Cardiac Rehab After Acute MI Linked to Improved Survival, Medication Adherence

In older patients who have had an acute MI, cardiac rehabilitation is strongly associated with improved survival and fewer readmissions, according to a registry study published online August 7, 2015, ahead of print in the American Heart Journal. Attending more rehab sessions also boosts medication adherence.

Take Home:  Cardiac Rehab After Acute MI Linked to Improved Survival, Medication Adherence

Jacob A. Doll, MD, of the Duke Clinical Research Institute (Durham, NC), and colleagues looked at 36,376 patients 65 years or older who were enrolled between 2007 and 2010 in the National Cardiovascular Data Registry ACTION Registry-Get With The Guidelines database and were referred for cardiac rehabilitation.

Overall, 32.6% of patients participated in at least 1 rehabilitation session. The median number of sessions attended was 26, with higher participation more likely among men, STEMI patients, and those with fewer comorbidities and less prior revascularization.

Analysis of a subset of 8,391 patients with Medicare Part D prescription coverage—37% of whom participated in cardiac rehabilitation—showed that at 1 year, two-thirds of patients remained adherent to evidence-based secondary prevention medications. Those who attended 26 or more sessions were more likely to have kept taking P2Y12 inhibitors and beta-blockers than patients who attended fewer sessions. No difference based on rehab attendance was seen for adherence to statins or ACE inhibitors/angiotensin receptor blockers (table 1).

Table 1. Cardiovascular Medication Adherence at 1 Year, by Cardiac Rehab Attendance

In addition, the degree of participation in rehabilitation correlated with improvement in outcomes. For every 5 additional sessions a patient attended beyond an initial session, the risks of mortality, MACE (death, readmission for MI, stroke, or revascularization), and a composite of death or readmission were reduced at 1 year (table 2).

 Table 2. Impact of Cardiac Rehab on Clinical Outcomes at 1 Year

Randal J. Thomas, MD, of the Mayo Clinic (Rochester, MN), told TCTMD in an email that the observational study adds to the growing evidence base showing the importance of cardiac rehabilitation.

“Patients who participate in cardiac rehabilitation after a cardiac event are more likely to live longer, feel better, and stay out of the hospital than patients who don’t participate,” Dr. Thomas said.

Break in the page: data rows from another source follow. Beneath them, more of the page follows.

(* Let $C$ be a smooth projective curve of genus $g\ge1$ over $\mathbb{C}$, $P,Q,R\in C$ distinct, and $f$ a rational function with $\operatorname{div}(f)=NQ-NR$, $N\ge1$, $f(P)=1$. Let $C_{QR}=C\setminus\{Q,R\}$, and let $G\subset\pi_1(C_{QR},P)$ be the subgroup generated by the loops $\alpha_i={\alpha'_i}^N\beta_Q^{-m_i}$, $1\le i\le 2g$, described in the context. Then the abelianization of $G$ is isomorphic to the subgroup of index $N^{2g}$ of the abelianization of $\pi_1(C,P)$ given by multiplication by $N$: $$G/[G,G]\cong N\cdot\big(\pi_1(C,P)/[\pi_1(C,P),\pi_1(C,P)]\big).$$
   Context: The group $\pi_1(C_{QR},P)$ is free on $2g+1$ generators $\alpha'_1,\dots,\alpha'_{2g},\beta_Q$, where the $\alpha'_i$ are loops based at $P$ coming from the edges of the fundamental $4g$-gon of $C$ (so that their images under the inclusion $i:C_{QR}\hookrightarrow C$ are the standard generators of $\pi_1(C,P)$, subject to the single product-of-commutators relation), and $\beta_Q$ is a small simple loop around $Q$ based at $P$. The map $f:C_{QR}\to\mathbb{P}^1\setminus\{0,\infty\}$ induces $f_*:\pi_1(C_{QR},P)\to\pi_1(\mathbb{P}^1\setminus\{0,\infty\},1)\cong\mathbb{Z}=\langle\beta_0\rangle$, with $f_*(\beta_Q)=\beta_0^N$; define integers $m_i$ by $f_*(\alpha'_i)=\beta_0^{m_i}$, so that $\alpha_i={\alpha'_i}^N\beta_Q^{-m_i}$ lies in $\ker f_*$. *)

From mathcomp Require Import all_boot all_order all_algebra.
Set Implicit Arguments. Unset Strict Implicit. Unset Printing Implicit Defensive.
Import GRing.Theory.

(* Free group on n generators, realized by words over letters (i, b):
   b = false is the generator x_i, b = true is its inverse x_i^-1.
   Two words represent the same free-group element iff their free
   reductions coincide. Product = concatenation, inverse = fg_inv. *)
Definition letter (n : nat) := ('I_n * bool)%type.
Definition word (n : nat) := seq (letter n).

Definition inv_letter n (x : letter n) : letter n := (x.1, ~~ x.2).

Fixpoint reduce n (w : word n) : word n :=
  match w with
  | [::] => [::]
  | x :: w' =>
      let r := reduce w' in
      match r with
      | y :: r' => if y == inv_letter x then r' else x :: r
      | [::] => [:: x]
      end
  end.

Definition fg_eq n (w1 w2 : word n) : bool := reduce w1 == reduce w2.
Definition fg_inv n (w : word n) : word n := rev (map (@inv_letter n) w).
Definition fg_pow n (w : word n) (k : int) : word n :=
  match k with
  | Posz j => flatten (nseq j w)
  | Negz j => flatten (nseq j.+1 (fg_inv w))
  end.
Definition fg_gen n (i : 'I_n) : word n := [:: (i, false)].
Definition fg_comm n (x y : word n) : word n :=
  fg_inv x ++ fg_inv y ++ x ++ y.

Definition in_span n k (gens : 'I_k -> word n) (w : word n) : Prop :=
  exists s : seq ('I_k * bool),
    fg_eq w (flatten (map (fun p => if p.2 then fg_inv (gens p.1) else gens p.1) s)).

Definition in_comm n (H : word n -> Prop) (w : word n) : Prop :=
  exists s : seq ((word n * word n) * bool),
    (forall p, p \in s -> H p.1.1 /\ H p.1.2) /\
    fg_eq w (flatten (map (fun p => if p.2 then fg_inv (fg_comm p.1.1 p.1.2)
                                    else fg_comm p.1.1 p.1.2) s)).

From mathcomp Require Import all_boot all_order all_algebra.
Set Implicit Arguments. Unset Strict Implicit. Unset Printing Implicit Defensive.
Import GRing.Theory Num.Theory.
Local Open Scope ring_scope.

(* Exponent sums of the letters alpha'_i, ignoring beta_Q, define a
   homomorphism from pi_1(C_QR, P) to Z^2g sending alpha_i to N e_i; hence G
   is mapped onto N Z^2g.  Its kernel on G is [G, G]: a word in the alpha_i
   with zero exponent sums contains some letter y together with y^-1, and
   y U y^-1 V = [y^-1, U^-1] (U V), so induction on the length applies. *)

Section FreeReduction.
Variable n : nat.
Implicit Types (x y : letter n) (u v w : word n).

Lemma inv_letterK : involutive (@inv_letter n).
Proof. by case=> i b; rewrite /inv_letter negbK. Qed.

Lemma inv_letter_neq x : inv_letter x != x.
Proof. by case: x => i []; rewrite /inv_letter xpair_eqE eqxx. Qed.

Fixpoint reduced w : bool :=
  if w is x :: ((y :: _) as w') then (y != inv_letter x) && reduced w' else true.

Lemma reduced_reduce w : reduced (reduce w).
Proof.
elim: w => [|x w IH] //=.
case: (reduce w) IH => [|y r] //= red_yr.
case: ifP => [_ | /= -> //]; by case: r red_yr => //= z r /andP[].
Qed.

Lemma reduce_cancel x w : reduce (inv_letter x :: x :: w) = reduce w.
Proof.
have /= := reduced_reduce w.
case: (reduce w) => [|y r] /=; first by rewrite inv_letterK eqxx.
case: ifP => [/eqP -> | _ _]; last by rewrite inv_letterK eqxx.
by case: r => [|z r] //= /andP[/negbTE ->].
Qed.

Lemma reduce_catl u v w :
  reduce v = reduce w -> reduce (u ++ v) = reduce (u ++ w).
Proof. by elim: u => [|x u IH] //= /IH ->. Qed.

Lemma fg_inv_cat u v : fg_inv (u ++ v) = fg_inv v ++ fg_inv u.
Proof. by rewrite /fg_inv map_cat rev_cat. Qed.

Lemma fg_invK : involutive (@fg_inv n).
Proof.
by move=> w; rewrite /fg_inv map_rev revK -map_comp (eq_map inv_letterK) map_id.
Qed.

Lemma reduce_cancel_inv u w : reduce (fg_inv u ++ u ++ w) = reduce w.
Proof.
elim: u => [|x u IH] //.
rewrite -cat1s fg_inv_cat -!catA /=.
by rewrite (reduce_catl (fg_inv u) (reduce_cancel x (u ++ w))).
Qed.

Lemma fg_eq_trans u v w : fg_eq u v -> fg_eq v w -> fg_eq u w.
Proof. by rewrite /fg_eq => /eqP -> /eqP ->. Qed.

Lemma in_comm_fg_eq (H : word n -> Prop) u v :
  fg_eq u v -> in_comm H v -> in_comm H u.
Proof. by move=> uv [s [sH vs]]; exists s; split=> //; apply: fg_eq_trans vs. Qed.

End FreeReduction.

Definition unit_rV k (i : nat) : 'rV[int]_k := \row_(j < k) (i == j)%:R.

Lemma unit_rV_ord k (j : 'I_k) : unit_rV k j = delta_mx 0 j.
Proof. by apply/rowP => j'; rewrite !mxE eqxx eq_sym. Qed.

Lemma unit_rV_out k i : (k <= i)%N -> unit_rV k i = 0.
Proof.
by move=> le_ki; apply/rowP => j; rewrite !mxE gtn_eqF // (leq_trans _ le_ki).
Qed.

(* Letters of index >= k, such as beta_Q, are sent to 0. *)
Definition abel n k (w : word n) : 'rV[int]_k :=
  \sum_(x <- w) (-1) ^+ x.2 *: unit_rV k x.1.

Section Abelianization.
Variables n k : nat.
Implicit Types (u v w : word n).
Local Notation abel := (@abel n k).

Lemma abel_cat u v : abel (u ++ v) = abel u + abel v.
Proof. exact: big_cat. Qed.

Lemma abel_flatten (ws : seq (word n)) : abel (flatten ws) = \sum_(w <- ws) abel w.
Proof. exact: big_flatten. Qed.

Lemma abel_fg_gen (i : 'I_n) : abel (fg_gen i) = unit_rV k i.
Proof. by rewrite /abel big_seq1 scale1r. Qed.

Lemma abel_fg_inv w : abel (fg_inv w) = - abel w.
Proof.
rewrite /abel /fg_inv big_rev big_map -sumrN.
by apply: eq_bigr => -[i []] _; rewrite /= ?expr0 ?expr1 ?scaleN1r ?scale1r ?opprK.
Qed.

Lemma abel_reduce w : abel (reduce w) = abel w.
Proof.
elim: w => [|x w IH] //=; rewrite -[x :: w]cat1s abel_cat -IH.
case: (reduce w) => [|y r]; first by rewrite -abel_cat.
case: ifP => [/eqP -> | _]; last by rewrite -abel_cat.
rewrite -[inv_letter x :: r]cat1s abel_cat -[[:: inv_letter x]]/(fg_inv [:: x]).
by rewrite abel_fg_inv addNKr.
Qed.

Lemma abel_fg_eq u v : fg_eq u v -> abel u = abel v.
Proof. by move=> /eqP uv; rewrite -abel_reduce uv abel_reduce. Qed.

Lemma abel_fg_pow w (z : int) : abel (fg_pow w z) = z *: abel w.
Proof.
have abel_rep m u : abel (flatten (nseq m u)) = abel u *+ m.
  by rewrite abel_flatten big_nseq iter_addr addr0.
case: z => j; rewrite /fg_pow abel_rep; first by rewrite -natz scaler_nat.
by rewrite NegzE scaleNr -natz scaler_nat abel_fg_inv mulNrn.
Qed.

Lemma abel_fg_comm u v : abel (fg_comm u v) = 0.
Proof. by rewrite !abel_cat !abel_fg_inv [abel u + _]addrC addKr addNr. Qed.

Lemma abel_in_comm (H : word n -> Prop) w : in_comm H w -> abel w = 0.
Proof.
case=> s [_ /abel_fg_eq ->]; rewrite abel_flatten big_map big1 //.
move=> -[[u v] []] _ /=.
  by rewrite abel_fg_inv abel_fg_comm oppr0.
exact: abel_fg_comm.
Qed.

End Abelianization.

Lemma abel_surj k (v : 'rV[int]_k) : exists s : word k, abel k s = v.
Proof.
exists (flatten [seq fg_pow (fg_gen j) (v 0 j) | j <- enum 'I_k]).
rewrite abel_flatten big_map big_enum /= [RHS]row_sum_delta.
by apply: eq_bigr => j _; rewrite abel_fg_pow abel_fg_gen unit_rV_ord.
Qed.

Section Substitution.
Variables (n K : nat) (gens : 'I_K -> word n).
Implicit Types (x : letter K) (s t : word K).

Definition gen_word x : word n := if x.2 then fg_inv (gens x.1) else gens x.1.
Definition subst_word s : word n := flatten (map gen_word s).

Lemma subst_word_cat s t : subst_word (s ++ t) = subst_word s ++ subst_word t.
Proof. by rewrite /subst_word map_cat flatten_cat. Qed.

Lemma subst_word_cons x s : subst_word (x :: s) = gen_word x ++ subst_word s.
Proof. by []. Qed.

Lemma subst_word_in_span s : in_span gens (subst_word s).
Proof. by exists s; rewrite /fg_eq. Qed.

Lemma gen_word_inv x : gen_word (inv_letter x) = fg_inv (gen_word x).
Proof. by case: x => i []; rewrite /gen_word /= ?fg_invK. Qed.

Lemma fg_inv_subst_word s : fg_inv (subst_word s) = subst_word (fg_inv s).
Proof.
elim: s => [|x s IH] //.
rewrite -cat1s subst_word_cat !fg_inv_cat IH subst_word_cat.
by rewrite /subst_word /= cats0 gen_word_inv.
Qed.

Lemma abel_subst_word k (c : int) :
    (forall i, abel k (gens i) = c *: unit_rV k i) ->
  forall s, abel k (subst_word s) = c *: abel k s.
Proof.
move=> abel_gens s; rewrite abel_flatten big_map [abel k s]/abel scaler_sumr.
apply: eq_bigr => -[i []] _; rewrite /gen_word /= ?abel_fg_inv abel_gens.
  by rewrite expr1 scaleN1r scalerN.
by rewrite expr0 scale1r.
Qed.

Lemma mem_inv_letter_abel_eq0 x s : abel K (x :: s) = 0 -> inv_letter x \in s.
Proof.
move=> abel0; apply: contraT => notin.
have coord t : inv_letter x \notin t ->
    abel K t 0 x.1 =
      (-1) ^+ x.2 * (count (fun y : letter K => (y.1 : nat) == x.1) t)%:R.
  elim: t => [|y t IH]; first by rewrite /abel big_nil mxE mulr0.
  rewrite in_cons negb_or => /andP[yx /IH]; rewrite -cat1s abel_cat mxE => ->.
  rewrite /= natrD mulrDr; congr (_ + _).
  rewrite /abel big_seq1 !mxE.
  case: y yx => i b /= yx; case: eqP => [/val_inj ei | _]; last by rewrite !mulr0.
  move: yx; rewrite ei.
  by case: x {abel0 notin IH ei} => j [] /=; case: b; rewrite ?eqxx.
have := congr1 (fun v : 'rV[int]_K => v 0 x.1) abel0.
rewrite coord; last by rewrite in_cons negb_or notin inv_letter_neq.
by rewrite mxE /= eqxx => /eqP; rewrite mulf_eq0 signr_eq0 pnatr_eq0.
Qed.

Lemma abel_eq0_in_comm s :
  abel K s = 0 -> in_comm (in_span gens) (subst_word s).
Proof.
have [l] := ubnP (size s); elim: l s => // l IH [|x s] lt_s_l abel0.
  by exists [::].
have mem_x := mem_inv_letter_abel_eq0 abel0.
move: lt_s_l abel0; case/splitPr: mem_x => u v lt_s_l abel0.
have abel_uv : abel K (u ++ v) = 0.
  move: abel0; rewrite -cat1s -[inv_letter x :: v]cat1s !abel_cat.
  by rewrite -[[:: inv_letter x]]/(fg_inv [:: x]) abel_fg_inv addrCA addNKr.
have [|t [t_comm uv_t]] := IH (u ++ v) _ abel_uv.
  move: lt_s_l; rewrite ltnS [X in (X < _)%N -> _]size_cat /= addnS.
  by rewrite size_cat => /ltnW.
set y := gen_word x; set U := subst_word u.
exists (((fg_inv y, fg_inv U), false) :: t); split.
  move=> p; rewrite in_cons => /predU1P[-> | /t_comm //]; split.
    by rewrite -gen_word_inv; exists [:: inv_letter x]; rewrite /fg_eq /= cats0.
  by rewrite fg_inv_subst_word; apply: subst_word_in_span.
rewrite /fg_eq /= /fg_comm !fg_invK -!catA.
rewrite !subst_word_cons subst_word_cat subst_word_cons.
rewrite gen_word_inv -/y -/U; apply/eqP; do 3!apply: reduce_catl.
move/eqP: uv_t; rewrite subst_word_cat => /(reduce_catl (fg_inv U)) <-.
by rewrite reduce_cancel_inv.
Qed.

End Substitution.

Theorem mainTheorem4 (g N : nat) (hg : (1 <= g)%N) (hN : (1 <= N)%N)
    (m : 'I_(2 * g) -> int) :
  let alphaP (i : 'I_(2 * g)) : word (2 * g).+1 :=
    fg_gen (widen_ord (leqnSn (2 * g)) i) in
  let betaQ : word (2 * g).+1 := fg_gen ord_max in
  let alpha (i : 'I_(2 * g)) : word (2 * g).+1 :=
    fg_pow (alphaP i) (N%:Z) ++ fg_pow betaQ (- m i) in
  let G := in_span alpha in
  exists phi : word (2 * g).+1 -> 'rV[int]_(2 * g),
    (forall x y, G x -> G y -> phi (x ++ y) = phi x + phi y) /\
    (forall x y, G x -> fg_eq x y -> phi x = phi y) /\
    (forall v : 'rV[int]_(2 * g),
        (exists x, G x /\ phi x = v) <-> (exists u : 'rV[int]_(2 * g), v = N%:Z *: u)) /\
    (forall x, G x -> (phi x = 0 <-> in_comm G x)).
Proof.
move=> alphaP betaQ alpha G; exists (abel (2 * g)).
have abel_alpha i : abel (2 * g) (alpha i) = N%:Z *: unit_rV (2 * g) i.
  rewrite abel_cat !abel_fg_pow !abel_fg_gen (unit_rV_out (leqnn _)).
  by rewrite scaler0 addr0.
have abel_G := abel_subst_word abel_alpha.
split; first by move=> x y _ _; apply: abel_cat.
split; first by move=> x y _; apply: abel_fg_eq.
split=> [v | x [s x_s]].
  split=> [[x [[s x_s] <-]] | [u ->]].
    by exists (abel _ s); rewrite (abel_fg_eq _ x_s) abel_G.
  have [s <-] := abel_surj u.
  exists (subst_word alpha s); rewrite abel_G.
  by split=> //; apply: subst_word_in_span.
split=> [| /abel_in_comm //].
have N_neq0 : N%:Z != 0 by rewrite -natz pnatr_eq0 -lt0n.
rewrite (abel_fg_eq _ x_s) abel_G => /eqP.
rewrite scalemx_eq0 (negbTE N_neq0) => /eqP abel_s.
exact: in_comm_fg_eq x_s (abel_eq0_in_comm alpha abel_s).
Qed.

Catalyst for More Use of Rehab

According to a companion study by Dr. Doll and colleagues, only about one-third of eligible older patients choose to participate in cardiac rehabilitation, and only approximately one-quarter of those complete all 36 recommended sessions. Data from the current study “will be an additional piece of evidence to push for higher utilization rates and higher program attendance for patients who have had a recent cardiac event,” Dr. Thomas said.

Dr. Doll agreed in an email with TCTMD, adding that even in the contemporary era of acute MI treatment and even among the oldest patients, cardiac rehabilitation plays an important role in the recovery process.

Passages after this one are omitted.